Activity:
Check the listing that follows and work out how many lines include "measurableType". The reply is that number alone.

Dataset content:

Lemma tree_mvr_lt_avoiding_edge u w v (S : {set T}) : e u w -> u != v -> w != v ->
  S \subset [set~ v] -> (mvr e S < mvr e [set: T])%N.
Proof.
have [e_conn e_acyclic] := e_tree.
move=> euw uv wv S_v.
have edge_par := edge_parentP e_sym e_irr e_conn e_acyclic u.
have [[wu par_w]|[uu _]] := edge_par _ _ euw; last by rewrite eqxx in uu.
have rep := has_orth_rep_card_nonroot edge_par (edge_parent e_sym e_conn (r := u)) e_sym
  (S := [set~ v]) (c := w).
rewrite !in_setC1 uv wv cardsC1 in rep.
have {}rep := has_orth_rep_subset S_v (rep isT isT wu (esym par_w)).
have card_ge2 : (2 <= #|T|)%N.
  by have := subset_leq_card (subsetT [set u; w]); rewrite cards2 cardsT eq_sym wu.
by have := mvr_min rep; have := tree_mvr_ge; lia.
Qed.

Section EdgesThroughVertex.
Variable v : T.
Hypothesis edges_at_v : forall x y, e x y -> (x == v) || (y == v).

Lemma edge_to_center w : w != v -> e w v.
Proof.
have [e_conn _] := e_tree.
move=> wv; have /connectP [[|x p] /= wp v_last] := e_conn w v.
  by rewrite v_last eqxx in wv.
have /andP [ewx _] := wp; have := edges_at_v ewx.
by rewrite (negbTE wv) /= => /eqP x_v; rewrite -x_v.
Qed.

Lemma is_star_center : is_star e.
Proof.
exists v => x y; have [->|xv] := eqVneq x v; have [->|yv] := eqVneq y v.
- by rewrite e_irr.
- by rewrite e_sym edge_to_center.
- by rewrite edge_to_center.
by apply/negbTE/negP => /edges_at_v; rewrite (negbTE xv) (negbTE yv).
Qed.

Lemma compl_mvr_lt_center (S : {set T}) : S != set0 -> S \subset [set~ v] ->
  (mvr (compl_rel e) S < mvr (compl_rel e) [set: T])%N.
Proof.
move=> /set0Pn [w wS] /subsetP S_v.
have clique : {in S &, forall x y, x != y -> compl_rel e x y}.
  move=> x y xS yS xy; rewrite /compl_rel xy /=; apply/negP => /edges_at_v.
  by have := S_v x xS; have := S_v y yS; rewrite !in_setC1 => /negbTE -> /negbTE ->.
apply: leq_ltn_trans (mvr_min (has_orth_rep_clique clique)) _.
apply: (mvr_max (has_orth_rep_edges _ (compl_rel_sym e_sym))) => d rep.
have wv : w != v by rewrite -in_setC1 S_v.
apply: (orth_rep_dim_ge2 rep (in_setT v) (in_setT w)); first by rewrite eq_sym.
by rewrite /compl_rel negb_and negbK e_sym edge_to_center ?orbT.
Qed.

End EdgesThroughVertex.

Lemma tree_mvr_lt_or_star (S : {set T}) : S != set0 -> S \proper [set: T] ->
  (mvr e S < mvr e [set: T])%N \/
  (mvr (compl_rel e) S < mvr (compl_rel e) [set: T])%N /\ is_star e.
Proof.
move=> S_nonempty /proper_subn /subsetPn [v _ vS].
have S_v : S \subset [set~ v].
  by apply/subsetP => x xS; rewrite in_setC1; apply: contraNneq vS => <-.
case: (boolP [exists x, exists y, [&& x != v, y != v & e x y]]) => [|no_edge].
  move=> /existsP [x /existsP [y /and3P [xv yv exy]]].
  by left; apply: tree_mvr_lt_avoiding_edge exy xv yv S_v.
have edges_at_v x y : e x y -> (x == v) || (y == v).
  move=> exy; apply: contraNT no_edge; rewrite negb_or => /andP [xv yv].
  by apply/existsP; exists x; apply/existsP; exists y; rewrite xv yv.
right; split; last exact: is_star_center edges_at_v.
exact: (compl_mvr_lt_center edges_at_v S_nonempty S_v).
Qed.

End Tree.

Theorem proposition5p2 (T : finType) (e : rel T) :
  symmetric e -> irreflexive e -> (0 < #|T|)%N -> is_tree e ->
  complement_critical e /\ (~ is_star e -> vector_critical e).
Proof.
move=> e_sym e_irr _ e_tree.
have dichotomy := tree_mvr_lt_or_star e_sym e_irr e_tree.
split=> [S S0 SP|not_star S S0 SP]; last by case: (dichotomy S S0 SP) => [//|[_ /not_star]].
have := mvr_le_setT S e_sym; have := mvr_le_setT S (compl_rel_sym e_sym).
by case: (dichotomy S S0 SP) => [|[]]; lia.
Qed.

* * *

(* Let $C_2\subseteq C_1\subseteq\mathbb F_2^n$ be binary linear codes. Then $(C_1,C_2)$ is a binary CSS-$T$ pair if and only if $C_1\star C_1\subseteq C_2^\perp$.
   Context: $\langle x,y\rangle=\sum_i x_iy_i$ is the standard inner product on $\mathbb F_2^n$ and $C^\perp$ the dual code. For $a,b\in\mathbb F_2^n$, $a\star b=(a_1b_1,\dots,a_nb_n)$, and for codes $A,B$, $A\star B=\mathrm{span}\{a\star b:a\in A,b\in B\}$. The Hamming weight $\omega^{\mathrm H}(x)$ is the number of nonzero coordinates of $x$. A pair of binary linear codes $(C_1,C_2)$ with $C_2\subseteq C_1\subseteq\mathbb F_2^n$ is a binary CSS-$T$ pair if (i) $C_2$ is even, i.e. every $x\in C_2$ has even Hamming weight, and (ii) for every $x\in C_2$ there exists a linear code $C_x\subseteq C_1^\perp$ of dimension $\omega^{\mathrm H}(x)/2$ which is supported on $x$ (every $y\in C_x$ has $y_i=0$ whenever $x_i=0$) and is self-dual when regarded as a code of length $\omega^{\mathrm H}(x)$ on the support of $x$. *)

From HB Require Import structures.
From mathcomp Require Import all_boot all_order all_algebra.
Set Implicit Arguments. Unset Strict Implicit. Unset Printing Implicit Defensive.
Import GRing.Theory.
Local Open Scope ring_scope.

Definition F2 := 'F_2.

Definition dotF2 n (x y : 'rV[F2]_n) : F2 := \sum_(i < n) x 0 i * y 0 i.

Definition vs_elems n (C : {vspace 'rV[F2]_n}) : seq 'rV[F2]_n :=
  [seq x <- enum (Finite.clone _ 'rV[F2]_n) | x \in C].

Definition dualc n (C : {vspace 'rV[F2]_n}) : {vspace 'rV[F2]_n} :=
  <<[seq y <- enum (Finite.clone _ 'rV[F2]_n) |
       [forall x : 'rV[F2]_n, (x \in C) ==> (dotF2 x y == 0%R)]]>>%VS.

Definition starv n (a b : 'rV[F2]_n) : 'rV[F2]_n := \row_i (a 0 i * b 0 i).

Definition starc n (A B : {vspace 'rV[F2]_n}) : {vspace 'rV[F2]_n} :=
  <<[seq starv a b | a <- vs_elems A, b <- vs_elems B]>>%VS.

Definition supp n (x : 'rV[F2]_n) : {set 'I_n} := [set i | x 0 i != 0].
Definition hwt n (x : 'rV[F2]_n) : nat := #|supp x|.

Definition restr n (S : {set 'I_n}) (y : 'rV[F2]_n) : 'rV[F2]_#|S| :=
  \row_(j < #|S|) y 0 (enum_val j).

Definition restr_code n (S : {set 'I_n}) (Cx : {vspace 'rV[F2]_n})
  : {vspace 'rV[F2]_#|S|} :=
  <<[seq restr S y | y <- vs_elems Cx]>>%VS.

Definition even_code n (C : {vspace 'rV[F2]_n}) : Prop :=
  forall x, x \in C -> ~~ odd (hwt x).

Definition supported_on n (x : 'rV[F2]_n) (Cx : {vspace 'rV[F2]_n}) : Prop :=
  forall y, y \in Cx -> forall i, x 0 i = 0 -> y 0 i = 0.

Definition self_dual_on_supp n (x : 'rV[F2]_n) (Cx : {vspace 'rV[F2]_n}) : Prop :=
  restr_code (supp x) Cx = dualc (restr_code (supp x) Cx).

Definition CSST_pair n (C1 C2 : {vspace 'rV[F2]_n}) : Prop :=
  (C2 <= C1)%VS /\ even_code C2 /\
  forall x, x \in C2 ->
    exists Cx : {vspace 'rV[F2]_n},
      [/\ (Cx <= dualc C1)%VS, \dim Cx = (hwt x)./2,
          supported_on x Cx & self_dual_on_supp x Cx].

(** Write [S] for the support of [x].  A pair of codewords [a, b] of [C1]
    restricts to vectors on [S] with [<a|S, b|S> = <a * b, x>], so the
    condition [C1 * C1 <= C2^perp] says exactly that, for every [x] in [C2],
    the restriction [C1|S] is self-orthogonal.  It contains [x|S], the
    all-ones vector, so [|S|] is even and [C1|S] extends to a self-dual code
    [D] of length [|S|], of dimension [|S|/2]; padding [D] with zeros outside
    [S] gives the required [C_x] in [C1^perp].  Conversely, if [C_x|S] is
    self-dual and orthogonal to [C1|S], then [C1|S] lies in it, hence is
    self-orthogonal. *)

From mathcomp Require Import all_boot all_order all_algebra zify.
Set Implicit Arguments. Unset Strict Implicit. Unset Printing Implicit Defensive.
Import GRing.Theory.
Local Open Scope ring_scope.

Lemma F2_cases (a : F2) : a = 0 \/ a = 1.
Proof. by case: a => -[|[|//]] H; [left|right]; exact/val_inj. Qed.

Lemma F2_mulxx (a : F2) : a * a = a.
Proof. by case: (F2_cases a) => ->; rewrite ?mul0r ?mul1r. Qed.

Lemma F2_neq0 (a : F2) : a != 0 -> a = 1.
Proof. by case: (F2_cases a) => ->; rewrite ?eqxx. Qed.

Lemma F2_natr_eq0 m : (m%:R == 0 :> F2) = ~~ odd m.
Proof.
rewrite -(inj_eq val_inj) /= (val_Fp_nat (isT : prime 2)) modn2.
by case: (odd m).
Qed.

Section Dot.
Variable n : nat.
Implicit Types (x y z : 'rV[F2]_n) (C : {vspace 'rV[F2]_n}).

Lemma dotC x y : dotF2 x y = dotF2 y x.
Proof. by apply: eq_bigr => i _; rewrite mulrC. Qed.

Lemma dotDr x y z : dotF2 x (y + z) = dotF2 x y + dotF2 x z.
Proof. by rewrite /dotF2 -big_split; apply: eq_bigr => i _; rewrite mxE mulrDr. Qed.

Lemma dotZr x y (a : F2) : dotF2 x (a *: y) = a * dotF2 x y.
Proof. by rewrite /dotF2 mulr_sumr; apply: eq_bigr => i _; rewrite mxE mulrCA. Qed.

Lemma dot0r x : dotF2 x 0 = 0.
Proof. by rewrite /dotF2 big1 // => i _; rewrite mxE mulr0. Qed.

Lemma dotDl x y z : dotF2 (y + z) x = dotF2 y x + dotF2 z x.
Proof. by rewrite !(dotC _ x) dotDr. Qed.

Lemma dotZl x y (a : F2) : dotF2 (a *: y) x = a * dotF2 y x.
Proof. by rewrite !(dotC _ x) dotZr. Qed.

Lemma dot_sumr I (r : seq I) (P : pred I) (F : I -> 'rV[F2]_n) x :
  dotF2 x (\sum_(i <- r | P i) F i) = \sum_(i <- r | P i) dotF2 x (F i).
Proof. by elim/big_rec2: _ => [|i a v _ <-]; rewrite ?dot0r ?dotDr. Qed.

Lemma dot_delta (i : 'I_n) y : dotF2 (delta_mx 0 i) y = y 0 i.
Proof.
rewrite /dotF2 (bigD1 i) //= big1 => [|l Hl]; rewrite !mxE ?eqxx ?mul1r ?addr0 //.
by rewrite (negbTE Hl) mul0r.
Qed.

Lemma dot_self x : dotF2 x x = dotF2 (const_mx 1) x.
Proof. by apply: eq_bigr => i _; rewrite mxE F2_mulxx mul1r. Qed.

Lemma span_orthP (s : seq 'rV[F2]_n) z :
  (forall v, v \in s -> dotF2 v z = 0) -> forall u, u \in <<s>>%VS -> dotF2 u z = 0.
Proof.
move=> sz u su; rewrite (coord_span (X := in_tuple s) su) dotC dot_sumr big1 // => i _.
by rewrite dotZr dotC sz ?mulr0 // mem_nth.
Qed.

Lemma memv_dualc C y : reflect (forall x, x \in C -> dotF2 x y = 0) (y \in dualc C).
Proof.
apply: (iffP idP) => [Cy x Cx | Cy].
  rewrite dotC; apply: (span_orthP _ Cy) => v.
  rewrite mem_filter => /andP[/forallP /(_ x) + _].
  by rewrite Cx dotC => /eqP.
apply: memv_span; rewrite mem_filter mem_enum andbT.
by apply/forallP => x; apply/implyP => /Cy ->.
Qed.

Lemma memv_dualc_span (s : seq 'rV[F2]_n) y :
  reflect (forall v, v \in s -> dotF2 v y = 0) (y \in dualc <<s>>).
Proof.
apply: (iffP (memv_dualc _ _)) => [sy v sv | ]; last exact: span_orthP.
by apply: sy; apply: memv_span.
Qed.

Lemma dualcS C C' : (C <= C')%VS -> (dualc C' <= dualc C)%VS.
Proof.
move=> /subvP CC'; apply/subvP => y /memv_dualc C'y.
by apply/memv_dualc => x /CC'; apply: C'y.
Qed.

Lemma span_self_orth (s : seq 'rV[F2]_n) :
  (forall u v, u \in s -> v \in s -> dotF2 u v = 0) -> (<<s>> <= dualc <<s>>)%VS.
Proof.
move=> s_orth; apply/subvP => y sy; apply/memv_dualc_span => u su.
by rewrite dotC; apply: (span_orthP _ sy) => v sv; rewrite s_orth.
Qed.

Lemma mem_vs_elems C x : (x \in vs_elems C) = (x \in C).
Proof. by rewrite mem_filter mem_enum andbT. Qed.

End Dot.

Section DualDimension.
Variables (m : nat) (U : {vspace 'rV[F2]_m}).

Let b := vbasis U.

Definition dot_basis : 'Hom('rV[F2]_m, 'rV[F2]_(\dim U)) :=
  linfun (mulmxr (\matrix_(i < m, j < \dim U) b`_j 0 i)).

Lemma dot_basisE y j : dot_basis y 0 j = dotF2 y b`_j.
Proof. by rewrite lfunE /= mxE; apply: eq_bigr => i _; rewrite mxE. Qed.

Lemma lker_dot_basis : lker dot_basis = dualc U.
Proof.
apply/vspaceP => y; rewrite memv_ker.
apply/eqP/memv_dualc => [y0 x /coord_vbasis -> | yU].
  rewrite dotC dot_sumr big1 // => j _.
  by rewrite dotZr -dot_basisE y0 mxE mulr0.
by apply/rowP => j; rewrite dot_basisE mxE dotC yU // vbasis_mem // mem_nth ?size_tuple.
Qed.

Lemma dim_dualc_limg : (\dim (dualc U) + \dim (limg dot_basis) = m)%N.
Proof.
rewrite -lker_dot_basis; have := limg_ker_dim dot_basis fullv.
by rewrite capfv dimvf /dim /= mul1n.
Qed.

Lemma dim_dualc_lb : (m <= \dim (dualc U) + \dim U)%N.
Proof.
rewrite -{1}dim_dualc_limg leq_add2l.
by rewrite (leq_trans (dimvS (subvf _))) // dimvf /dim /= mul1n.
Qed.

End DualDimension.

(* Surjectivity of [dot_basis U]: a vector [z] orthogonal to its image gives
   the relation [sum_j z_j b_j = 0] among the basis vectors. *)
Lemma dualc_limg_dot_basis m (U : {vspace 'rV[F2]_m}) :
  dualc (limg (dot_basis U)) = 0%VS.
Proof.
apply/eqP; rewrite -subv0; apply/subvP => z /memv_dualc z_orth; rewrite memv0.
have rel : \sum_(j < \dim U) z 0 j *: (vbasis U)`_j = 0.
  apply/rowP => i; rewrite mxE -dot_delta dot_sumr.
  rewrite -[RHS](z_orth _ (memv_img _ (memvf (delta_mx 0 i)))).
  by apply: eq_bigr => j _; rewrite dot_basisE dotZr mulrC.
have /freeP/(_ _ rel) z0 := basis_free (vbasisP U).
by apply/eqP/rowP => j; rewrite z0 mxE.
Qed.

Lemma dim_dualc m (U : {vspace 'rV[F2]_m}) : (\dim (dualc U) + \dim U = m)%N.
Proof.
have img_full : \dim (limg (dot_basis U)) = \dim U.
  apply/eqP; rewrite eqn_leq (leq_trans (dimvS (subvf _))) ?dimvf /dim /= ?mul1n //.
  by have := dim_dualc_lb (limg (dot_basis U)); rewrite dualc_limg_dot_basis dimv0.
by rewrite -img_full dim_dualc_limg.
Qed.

* * *

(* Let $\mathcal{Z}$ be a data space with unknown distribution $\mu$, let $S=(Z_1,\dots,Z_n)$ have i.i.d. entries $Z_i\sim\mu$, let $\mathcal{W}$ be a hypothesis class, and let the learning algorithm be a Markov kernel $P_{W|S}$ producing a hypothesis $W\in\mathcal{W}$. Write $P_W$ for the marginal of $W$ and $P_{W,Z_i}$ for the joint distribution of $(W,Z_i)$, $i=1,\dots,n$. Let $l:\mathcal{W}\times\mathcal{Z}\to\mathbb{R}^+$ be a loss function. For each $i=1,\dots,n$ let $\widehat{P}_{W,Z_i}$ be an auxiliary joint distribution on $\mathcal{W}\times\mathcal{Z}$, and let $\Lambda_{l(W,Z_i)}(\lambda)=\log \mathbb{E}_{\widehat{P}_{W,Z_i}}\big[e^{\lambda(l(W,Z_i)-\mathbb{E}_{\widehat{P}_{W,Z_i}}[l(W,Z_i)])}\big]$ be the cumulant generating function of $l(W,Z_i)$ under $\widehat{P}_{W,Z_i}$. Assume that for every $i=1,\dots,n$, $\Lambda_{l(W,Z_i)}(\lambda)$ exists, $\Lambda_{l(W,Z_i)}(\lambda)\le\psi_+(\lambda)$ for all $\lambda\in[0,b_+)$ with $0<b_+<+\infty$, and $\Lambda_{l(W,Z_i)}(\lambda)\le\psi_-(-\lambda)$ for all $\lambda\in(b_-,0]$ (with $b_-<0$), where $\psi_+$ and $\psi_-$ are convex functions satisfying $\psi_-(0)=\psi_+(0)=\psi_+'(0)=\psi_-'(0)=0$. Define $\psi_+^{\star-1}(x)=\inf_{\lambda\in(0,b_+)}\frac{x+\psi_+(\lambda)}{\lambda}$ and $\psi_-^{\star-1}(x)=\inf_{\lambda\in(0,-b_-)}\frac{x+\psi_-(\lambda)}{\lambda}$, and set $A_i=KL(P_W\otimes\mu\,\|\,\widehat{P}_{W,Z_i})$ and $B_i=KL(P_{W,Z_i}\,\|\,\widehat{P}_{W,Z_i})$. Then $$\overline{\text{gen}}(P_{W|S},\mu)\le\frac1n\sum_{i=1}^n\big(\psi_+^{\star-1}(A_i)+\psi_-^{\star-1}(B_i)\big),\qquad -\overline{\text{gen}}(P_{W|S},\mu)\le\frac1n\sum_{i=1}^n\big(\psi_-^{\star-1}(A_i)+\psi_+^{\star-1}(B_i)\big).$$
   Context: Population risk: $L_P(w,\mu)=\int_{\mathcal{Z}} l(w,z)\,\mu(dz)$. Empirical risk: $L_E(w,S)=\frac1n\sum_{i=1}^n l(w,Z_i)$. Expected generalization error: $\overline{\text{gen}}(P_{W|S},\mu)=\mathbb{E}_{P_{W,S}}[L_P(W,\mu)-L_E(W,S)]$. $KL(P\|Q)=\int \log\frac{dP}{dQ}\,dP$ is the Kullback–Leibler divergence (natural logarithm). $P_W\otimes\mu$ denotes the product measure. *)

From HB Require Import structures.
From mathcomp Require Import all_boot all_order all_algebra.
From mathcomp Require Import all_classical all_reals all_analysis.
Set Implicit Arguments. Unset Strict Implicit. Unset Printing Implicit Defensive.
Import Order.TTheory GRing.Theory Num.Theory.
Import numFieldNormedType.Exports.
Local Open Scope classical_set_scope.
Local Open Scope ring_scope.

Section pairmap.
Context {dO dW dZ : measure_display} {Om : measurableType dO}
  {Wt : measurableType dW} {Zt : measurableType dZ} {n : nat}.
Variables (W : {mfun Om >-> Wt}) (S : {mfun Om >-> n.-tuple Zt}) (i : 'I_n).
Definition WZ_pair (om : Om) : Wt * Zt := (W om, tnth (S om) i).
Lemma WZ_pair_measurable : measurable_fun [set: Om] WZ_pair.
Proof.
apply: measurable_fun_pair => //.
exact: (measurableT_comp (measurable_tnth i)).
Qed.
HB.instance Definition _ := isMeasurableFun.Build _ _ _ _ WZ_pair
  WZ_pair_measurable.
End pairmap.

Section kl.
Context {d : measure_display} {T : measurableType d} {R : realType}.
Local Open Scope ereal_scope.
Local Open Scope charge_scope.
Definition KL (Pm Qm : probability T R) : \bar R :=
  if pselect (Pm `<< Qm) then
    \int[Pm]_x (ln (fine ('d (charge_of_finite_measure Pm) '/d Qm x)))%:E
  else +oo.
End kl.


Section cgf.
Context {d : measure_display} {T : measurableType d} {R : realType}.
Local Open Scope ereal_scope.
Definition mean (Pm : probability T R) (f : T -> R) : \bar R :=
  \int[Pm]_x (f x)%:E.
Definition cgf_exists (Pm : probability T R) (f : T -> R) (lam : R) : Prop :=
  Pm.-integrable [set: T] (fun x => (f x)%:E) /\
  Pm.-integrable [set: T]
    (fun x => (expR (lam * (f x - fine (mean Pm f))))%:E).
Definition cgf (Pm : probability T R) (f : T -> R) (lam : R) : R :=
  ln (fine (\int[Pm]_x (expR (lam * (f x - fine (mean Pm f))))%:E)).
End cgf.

Answer space:
4